Collected data
--
(* Let $\mathcal C$ be a prenex class of sentences. Then: (i) 1-satisfiability of sentences in $\mathcal C$ is decidable in $G_V$ for every Gödel set $V$ if and only if classical satisfiability of sentences in $\mathcal C$ is decidable; (ii) for any two Gödel sets $V,V'$, a sentence in $\mathcal C$ is 1-satisfiable in $G_V$ if and only if it is 1-satisfiable in $G_{V'}$.
   Context: A Gödel set is a closed set $V\subseteq[0,1]$ with $0,1\in V$. A $V$-interpretation assigns to each $k$-ary predicate a function $U^k\to V$ on a nonempty domain $U$ (constants and function symbols as usual); $\bot\mapsto 0$, $\wedge,\vee$ are $\min,\max$, $\mathcal I(A\supset B)=1$ if $\mathcal I(A)\le\mathcal I(B)$ and $=\mathcal I(B)$ otherwise, $\forall,\exists$ are $\inf,\sup$ over $U$. A sentence is 1-satisfiable in $G_V$ if some $V$-interpretation gives it value $1$; classical satisfiability is two-valued satisfiability. A prenex sentence has the form $Q_1x_1\dots Q_nx_nB$ with $Q_i\in\{\forall,\exists\}$ and $B$ quantifier-free; a prenex class is the set of prenex sentences whose quantifier prefix belongs to a fixed set of prefixes (possibly with a fixed restriction on the signature, e.g. function-free). *)

From HB Require Import structures.
From mathcomp Require Import all_boot all_order all_algebra.
From mathcomp Require Import all_classical all_reals all_analysis.
From mathcomp Require Import Rstruct Rstruct_topology.

Set Implicit Arguments.
Unset Strict Implicit.
Unset Printing Implicit Defensive.

Import Order.TTheory GRing.Theory Num.Theory.
From Stdlib Require Rdefinitions.
Notation R := Rdefinitions.R.

(* Function / predicate symbols are indexed by nat; a symbol is the   *)
(* pair (name, arity), the arity being the number of arguments.       *)

Inductive term : Type :=
| TVar : nat -> term
| TFun : nat -> seq term -> term.

Inductive formula : Type :=
| FBot : formula
| FAtom : nat -> seq term -> formula
| FAnd : formula -> formula -> formula
| FOr : formula -> formula -> formula
| FImp : formula -> formula -> formula
| FAll : nat -> formula -> formula
| FEx : nat -> formula -> formula.

Fixpoint fv_term (t : term) : seq nat :=
  match t with
  | TVar x => [:: x]
  | TFun _ ts => flatten (map fv_term ts)
  end.

Fixpoint fv (A : formula) : seq nat :=
  match A with
  | FBot => [::]
  | FAtom _ ts => flatten (map fv_term ts)
  | FAnd A B | FOr A B | FImp A B => fv A ++ fv B
  | FAll x A | FEx x A => seq.filter (predC1 x) (fv A)
  end.

Definition sentence (A : formula) : Prop := fv A = [::].

Fixpoint qfree (A : formula) : bool :=
  match A with
  | FBot | FAtom _ _ => true
  | FAnd A B | FOr A B | FImp A B => qfree A && qfree B
  | FAll _ _ | FEx _ _ => false
  end.

Inductive quant : Type := QAll | QEx.

Definition prenex_of (qs : seq quant) (xs : seq nat) (B : formula) : formula :=
  foldr (fun qx C => match qx.1 with
                     | QAll => FAll qx.2 C
                     | QEx => FEx qx.2 C
                     end) B (zip qs xs).

Fixpoint fun_syms_term (t : term) : seq (nat * nat) :=
  match t with
  | TVar _ => [::]
  | TFun f ts => (f, size ts) :: flatten (map fun_syms_term ts)
  end.

Fixpoint fun_syms (A : formula) : seq (nat * nat) :=
  match A with
  | FBot => [::]
  | FAtom _ ts => flatten (map fun_syms_term ts)
  | FAnd A B | FOr A B | FImp A B => fun_syms A ++ fun_syms B
  | FAll _ A | FEx _ A => fun_syms A
  end.

Fixpoint pred_syms (A : formula) : seq (nat * nat) :=
  match A with
  | FBot => [::]
  | FAtom p ts => [:: (p, size ts)]
  | FAnd A B | FOr A B | FImp A B => pred_syms A ++ pred_syms B
  | FAll _ A | FEx _ A => pred_syms A
  end.

(* A prenex class: the prenex sentences whose quantifier prefix belongs
   to a fixed set [Pref] of prefixes and whose signature (the sets of
   predicate symbols and of function symbols occurring in it) satisfies
   a fixed restriction [SigOK] (e.g. "no function symbols of arity > 0"
   for function-free classes; take [SigOK] always true for none). *)
Definition prenex_class (Pref : seq quant -> Prop)
    (SigOK : (nat * nat -> Prop) -> (nat * nat -> Prop) -> Prop)
    (A : formula) : Prop :=
  sentence A /\
  (exists (qs : seq quant) (xs : seq nat) (B : formula),
      qfree B /\ size qs = size xs /\ A = prenex_of qs xs B /\ Pref qs) /\
  SigOK (fun s => s \in pred_syms A) (fun s => s \in fun_syms A).

Local Open Scope ring_scope.
Local Open Scope classical_set_scope.

Definition godel_set (V : set R) : Prop :=
  closed V /\ (forall x, V x -> 0 <= x <= 1) /\ V 0 /\ V 1.

Definition upd (U : Type) (rho : nat -> U) (x : nat) (u : U) : nat -> U :=
  fun y => if y == x then u else rho y.

Fixpoint teval (U : Type) (f : nat -> seq U -> U) (rho : nat -> U) (t : term)
  : U :=
  match t with
  | TVar x => rho x
  | TFun g ts => f g (map (teval f rho) ts)
  end.

(* an interpretation on the (nonempty, witnessed by g_elt) domain U *)
Record ginterp (U : Type) := GInterp {
  g_elt : U;
  g_fun : nat -> seq U -> U;
  g_pred : nat -> seq U -> R }.

Fixpoint geval (U : Type) (I : ginterp U) (rho : nat -> U) (A : formula) : R :=
  match A with
  | FBot => 0
  | FAtom p ts => g_pred I p (map (teval (g_fun I) rho) ts)
  | FAnd A B => Num.min (geval I rho A) (geval I rho B)
  | FOr A B => Num.max (geval I rho A) (geval I rho B)
  | FImp A B => if geval I rho A <= geval I rho B then 1 else geval I rho B
  | FAll x A => inf (range (fun u => geval I (upd rho x u) A))
  | FEx x A => sup (range (fun u => geval I (upd rho x u) A))
  end.

Definition V_interp (V : set R) (U : Type) (I : ginterp U) : Prop :=
  forall p l, V (g_pred I p l).

Definition one_sat (V : set R) (A : formula) : Prop :=
  exists (U : Type) (I : ginterp U),
    V_interp V I /\ geval I (fun _ => g_elt I) A = 1.

Record cinterp (U : Type) := CInterp {
  c_elt : U;
  c_fun : nat -> seq U -> U;
  c_pred : nat -> seq U -> Prop }.

Fixpoint ceval (U : Type) (I : cinterp U) (rho : nat -> U) (A : formula) : Prop :=
  match A with
  | FBot => False
  | FAtom p ts => c_pred I p (map (teval (c_fun I) rho) ts)
  | FAnd A B => ceval I rho A /\ ceval I rho B
  | FOr A B => ceval I rho A \/ ceval I rho B
  | FImp A B => ceval I rho A -> ceval I rho B
  | FAll x A => forall u, ceval I (upd rho x u) A
  | FEx x A => exists u, ceval I (upd rho x u) A
  end.

Definition csat (A : formula) : Prop :=
  exists (U : Type) (I : cinterp U), ceval I (fun _ => c_elt I) A.

Inductive rfun : Type :=
| RZero : rfun
| RSucc : rfun
| RProj : nat -> rfun
| RComp : rfun -> seq rfun -> rfun
| RPrec : rfun -> rfun -> rfun
| RMin : rfun -> rfun.

(* big-step semantics: reval f v y  means  f(v) converges to y *)
Inductive reval : rfun -> seq nat -> nat -> Prop :=
| ev_zero v : reval RZero v 0
| ev_succ x v : reval RSucc (x :: v) x.+1
| ev_proj i v : (i < size v)%N -> reval (RProj i) v (nth 0%N v i)
| ev_comp f gs v ws y :
    reval_list gs v ws -> reval f ws y -> reval (RComp f gs) v y
| ev_prec0 f g v y : reval f v y -> reval (RPrec f g) (0%N :: v) y
| ev_precS f g n v z y :
    reval (RPrec f g) (n :: v) z -> reval g (n :: z :: v) y ->
    reval (RPrec f g) (n.+1 :: v) y
| ev_min f v n :
    reval f (n :: v) 0%N ->
    (forall m, (m < n)%N -> exists k, reval f (m :: v) k.+1) ->
    reval (RMin f) v n
with reval_list : seq rfun -> seq nat -> seq nat -> Prop :=
| evl_nil v : reval_list [::] v [::]
| evl_cons g gs v w ws :
    reval g v w -> reval_list gs v ws -> reval_list (g :: gs) v (w :: ws).

(* Goedel numbering of formulas (Cantor pairing) *)
Definition npair (x y : nat) : nat := ((x + y) * (x + y).+1 %/ 2 + y)%N.

Definition code_seq (s : seq nat) : nat :=
  foldr (fun a r => (npair a r).+1) 0%N s.

Fixpoint code_term (t : term) : nat :=
  match t with
  | TVar x => npair 0 x
  | TFun f ts => npair 1 (npair f (code_seq (map code_term ts)))
  end.

Fixpoint code (A : formula) : nat :=
  match A with
  | FBot => npair 0 0
  | FAtom p ts => npair 1 (npair p (code_seq (map code_term ts)))
  | FAnd A B => npair 2 (npair (code A) (code B))
  | FOr A B => npair 3 (npair (code A) (code B))
  | FImp A B => npair 4 (npair (code A) (code B))
  | FAll x A => npair 5 (npair x (code A))
  | FEx x A => npair 6 (npair x (code A))
  end.

Definition decidable_on (C : formula -> Prop) (P : formula -> Prop) : Prop :=
  exists p : rfun, forall A, C A ->
    (P A -> reval p [:: code A] 1%N) /\ (~ P A -> reval p [:: code A] 0%N).

(* A Goedel interpretation giving a prenex sentence a positive value yields a
   classical model of it: read an atom as true iff its value is positive.
   Positivity commutes with min, max and Goedel implication (for values in
   [0, 1]), so it transfers through the quantifier-free matrix; a positive
   infimum makes every instance positive and a positive supremum makes some
   instance positive, so it transfers through the prefix as well.  Conversely
   a classical model is a {0, 1}-valued Goedel interpretation, which is a
   V-interpretation for every Goedel set V.  Hence, on prenex sentences,
   1-satisfiability in G_V coincides with classical satisfiability for
   every V, and both claims follow. *)
From mathcomp Require Import all_boot all_order all_algebra.
From mathcomp Require Import all_classical all_reals all_analysis.
From mathcomp Require Import Rstruct Rstruct_topology.

Set Implicit Arguments.
Unset Strict Implicit.
Unset Printing Implicit Defensive.

Import Order.TTheory GRing.Theory Num.Theory.
Local Open Scope ring_scope.
Local Open Scope classical_set_scope.

Section RangeBounds.
Variables (U : Type) (f : U -> R).

Lemma inf_range_min u : (forall v, f u <= f v) -> inf (range f) = f u.
Proof.
move=> fu_min; apply/le_anti/andP; split.
- by apply: ge_inf; [exists (f u) => _ [v _ <-] | exists u].
- by apply: lb_le_inf; [exists (f u), u | move=> _ [v _ <-]].
Qed.

Lemma sup_range_max u : (forall v, f v <= f u) -> sup (range f) = f u.
Proof.
move=> fu_max; apply/le_anti/andP; split.
- by apply: ge_sup; [exists (f u), u | move=> _ [v _ <-]].
- by apply: ub_le_sup; [exists (f u) => _ [v _ <-] | exists u].
Qed.

Hypothesis f01 : forall u, 0 <= f u <= 1.

Lemma inf_range_le u : inf (range f) <= f u.
Proof.
by apply: ge_inf; [exists 0 => _ [v _ <-]; case/andP: (f01 v) | exists u].
Qed.

Lemma inf_range_01 (u : U) : 0 <= inf (range f) <= 1.
Proof.
apply/andP; split.
- by apply: lb_le_inf; [exists (f u), u | move=> _ [v _ <-]; case/andP: (f01 v)].
- by apply: le_trans (inf_range_le u) _; case/andP: (f01 u).
Qed.

Lemma sup_range_01 (u : U) : 0 <= sup (range f) <= 1.
Proof.
have ub1 : ubound (range f) 1 by move=> _ [v _ <-]; case/andP: (f01 v).
apply/andP; split; last by apply: ge_sup; [exists (f u), u |].
apply: le_trans (ub_le_sup (ex_intro _ 1 ub1) (ex_intro2 _ _ u I erefl)).
by case/andP: (f01 u).
Qed.

End RangeBounds.

Section PositivePart.
Variables (U : Type) (I : ginterp U).
Hypothesis pred01 : forall p l, 0 <= g_pred I p l <= 1.

Lemma geval_01 A rho : 0 <= geval I rho A <= 1.
Proof.
elim: A rho => [|p ts|A IA B IB|A IA B IB|A IA B IB|x A IA|x A IA] rho /=.
- by rewrite lexx ler01.
- exact: pred01.
- case/andP: (IA rho) => a0 a1; case/andP: (IB rho) => b0 b1.
  by rewrite ge_min a1 le_min a0 b0.
- case/andP: (IA rho) => a0 a1; case/andP: (IB rho) => b0 b1.
  by rewrite le_max a0 ge_max a1 b1.
- by case: ifP => _; rewrite ?lexx ?ler01.
- exact: inf_range_01 (fun u => IA (upd rho x u)) (g_elt I).
- exact: sup_range_01 (fun u => IA (upd rho x u)) (g_elt I).
Qed.

Definition positive_cinterp : cinterp U :=
  CInterp (g_elt I) (g_fun I) (fun p l => 0 < g_pred I p l).

Lemma geval_gt0_qfree B rho :
  qfree B -> 0 < geval I rho B <-> ceval positive_cinterp rho B.
Proof.
elim: B rho => [|p ts|A IA B IB|A IA B IB|A IA B IB|//|//] rho //=.
- by rewrite ltxx.
- case/andP=> qA qB; rewrite lt_min -(IA rho qA) -(IB rho qB).
  by split => [/andP[]|[-> ->]].
- case/andP=> qA qB; rewrite lt_max -(IA rho qA) -(IB rho qB).
  by split => [/orP[]|[] ->]; rewrite ?orbT; auto.
- case/andP=> qA qB; rewrite -(IA rho qA) -(IB rho qB).
  case: ifP => [AleB|/negbT]; first by split => // _ /lt_le_trans; apply.
  rewrite -ltNge => BltA; split => [// | AB]; apply: AB.
  by case/andP: (geval_01 B rho) => B0 _; apply: le_lt_trans B0 BltA.
Qed.

Lemma ceval_prenex_gt0 qs xs B rho : qfree B ->
  0 < geval I rho (prenex_of qs xs B) ->
  ceval positive_cinterp rho (prenex_of qs xs B).
Proof.
move=> qB; elim: qs xs rho => [|q qs IH] [|x xs] rho;
  rewrite /prenex_of /=; try exact: (geval_gt0_qfree _ qB).1.
case: q => /= pos.
- move=> u; apply: IH; apply: lt_le_trans pos _.
  exact: inf_range_le (fun v => geval_01 _ (upd rho x v)) u.
- have [|_ [u _ <-] posu] := sup_gt _ pos; first by eexists; exists (g_elt I).
  by exists u; apply: IH.
Qed.

End PositivePart.

Section CrispInterpretation.
Variables (U : Type) (J : cinterp U).

Definition crisp_ginterp : ginterp U :=
  GInterp (c_elt J) (c_fun J) (fun p l => `[< c_pred J p l >]%:R).

Lemma geval_crisp A rho : geval crisp_ginterp rho A = `[< ceval J rho A >]%:R.
Proof.
elim: A rho => [|p ts|A IA B IB|A IA B IB|A IA B IB|x A IA|x A IA] rho /=.
- by rewrite asboolF.
- by [].
- rewrite IA IB asbool_and.
  by case: `[< _ >]; case: `[< _ >]; rewrite /= ?minxx ?(min_idPl ler01) ?(min_idPr ler01).
- rewrite IA IB asbool_or.
  by case: `[< _ >]; case: `[< _ >]; rewrite /= ?maxxx ?(max_idPl ler01) ?(max_idPr ler01).
- rewrite IA IB asbool_imply.
  by case: `[< _ >]; case: `[< _ >]; rewrite /= ?lexx ?ler01 ?ler10.
- under eq_fun do rewrite IA.
  have [all_true|/existsNP[u false_u]] := asboolP (forall u, ceval J (upd rho x u) A).
  + by rewrite (inf_range_min (u := c_elt J)) => [|v]; rewrite !(asboolT (all_true _)).
  + by rewrite (inf_range_min (u := u)) => [|v]; rewrite (asboolF false_u) ?ler0n.
- under eq_fun do rewrite IA.
  have [[u true_u]|/forallNP none_true] := asboolP (exists u, ceval J (upd rho x u) A).
  + by rewrite (sup_range_max (u := u)) => [|v]; rewrite (asboolT true_u) ?lern1 ?leq_b1.
  + by rewrite (sup_range_max (u := c_elt J)) => [|v]; rewrite !(asboolF (none_true _)).
Qed.

End CrispInterpretation.

Lemma csat_one_sat V A : V 0 -> V 1 -> csat A -> one_sat V A.
Proof.
move=> V0 V1 [U [J JA]]; exists U, (crisp_ginterp J); split.
- by move=> p l /=; case: `[< _ >].
- by rewrite geval_crisp asboolT.
Qed.

Lemma one_sat_prenex_csat V qs xs B :
  (forall v, V v -> 0 <= v <= 1) -> qfree B ->
  one_sat V (prenex_of qs xs B) -> csat (prenex_of qs xs B).
Proof.
move=> V01 qB [U [I [VI IA]]]; exists U, (positive_cinterp I).
by apply: ceval_prenex_gt0 (fun p l => V01 _ (VI p l)) _ _ _ _ qB _; rewrite IA ltr01.
Qed.

Lemma prenex_class_one_satE Pref SigOK V A :
  godel_set V -> prenex_class Pref SigOK A -> one_sat V A <-> csat A.
Proof.
move=> [_ [V01 [V0 V1]]] [_ [[qs [xs [B [qB [_ [-> _]]]]]] _]].
by split; [exact: one_sat_prenex_csat | exact: csat_one_sat].
Qed.

Lemma decidable_on_iff (C P Q : formula -> Prop) :
  (forall A, C A -> P A <-> Q A) -> decidable_on C P -> decidable_on C Q.
Proof.
move=> PQ [p decP]; exists p => A CA; rewrite -(PQ A CA); exact: decP.
Qed.

Lemma godel_set_itv01 : godel_set `[0, 1].
Proof.
split; first exact: interval_closed.
split; first by move=> x /=; rewrite in_itv.
by split; rewrite /= in_itv /= lexx ler01.
Qed.

Theorem mainTheorem5 (Pref : seq quant -> Prop)
    (SigOK : (nat * nat -> Prop) -> (nat * nat -> Prop) -> Prop) :
  ((forall V : set R, godel_set V ->
      decidable_on (prenex_class Pref SigOK) (one_sat V))
    <-> decidable_on (prenex_class Pref SigOK) csat) /\
  (forall V V' : set R, godel_set V -> godel_set V' ->
     forall A, prenex_class Pref SigOK A -> (one_sat V A <-> one_sat V' A)).
Proof.
have one_satE V A := @prenex_class_one_satE Pref SigOK V A.
split; first split.
- move=> dec_one_sat; apply: decidable_on_iff (dec_one_sat _ godel_set_itv01).
  by move=> A; apply: one_satE godel_set_itv01.
- move=> dec_csat V gV; apply: decidable_on_iff dec_csat => A CA.
  by rewrite (one_satE V A gV CA).
- by move=> V V' gV gV' A CA; rewrite (one_satE V A gV CA) (one_satE V' A gV' CA).
Qed.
--
EXERCISE OBJECTIVE → Look above for the line holding "Variables (U : Type) (I : ginterp U)." and the line holding "- by case: ifP => _; rewrite ?lexx ?ler01.", then output exactly those two lines and every line between them, nothing more.

YOUR RESPONSE →
Variables (U : Type) (I : ginterp U).
Hypothesis pred01 : forall p l, 0 <= g_pred I p l <= 1.

Lemma geval_01 A rho : 0 <= geval I rho A <= 1.
Proof.
elim: A rho => [|p ts|A IA B IB|A IA B IB|A IA B IB|x A IA|x A IA] rho /=.
- by rewrite lexx ler01.
- exact: pred01.
- case/andP: (IA rho) => a0 a1; case/andP: (IB rho) => b0 b1.
  by rewrite ge_min a1 le_min a0 b0.
- case/andP: (IA rho) => a0 a1; case/andP: (IB rho) => b0 b1.
  by rewrite le_max a0 ge_max a1 b1.
- by case: ifP => _; rewrite ?lexx ?ler01.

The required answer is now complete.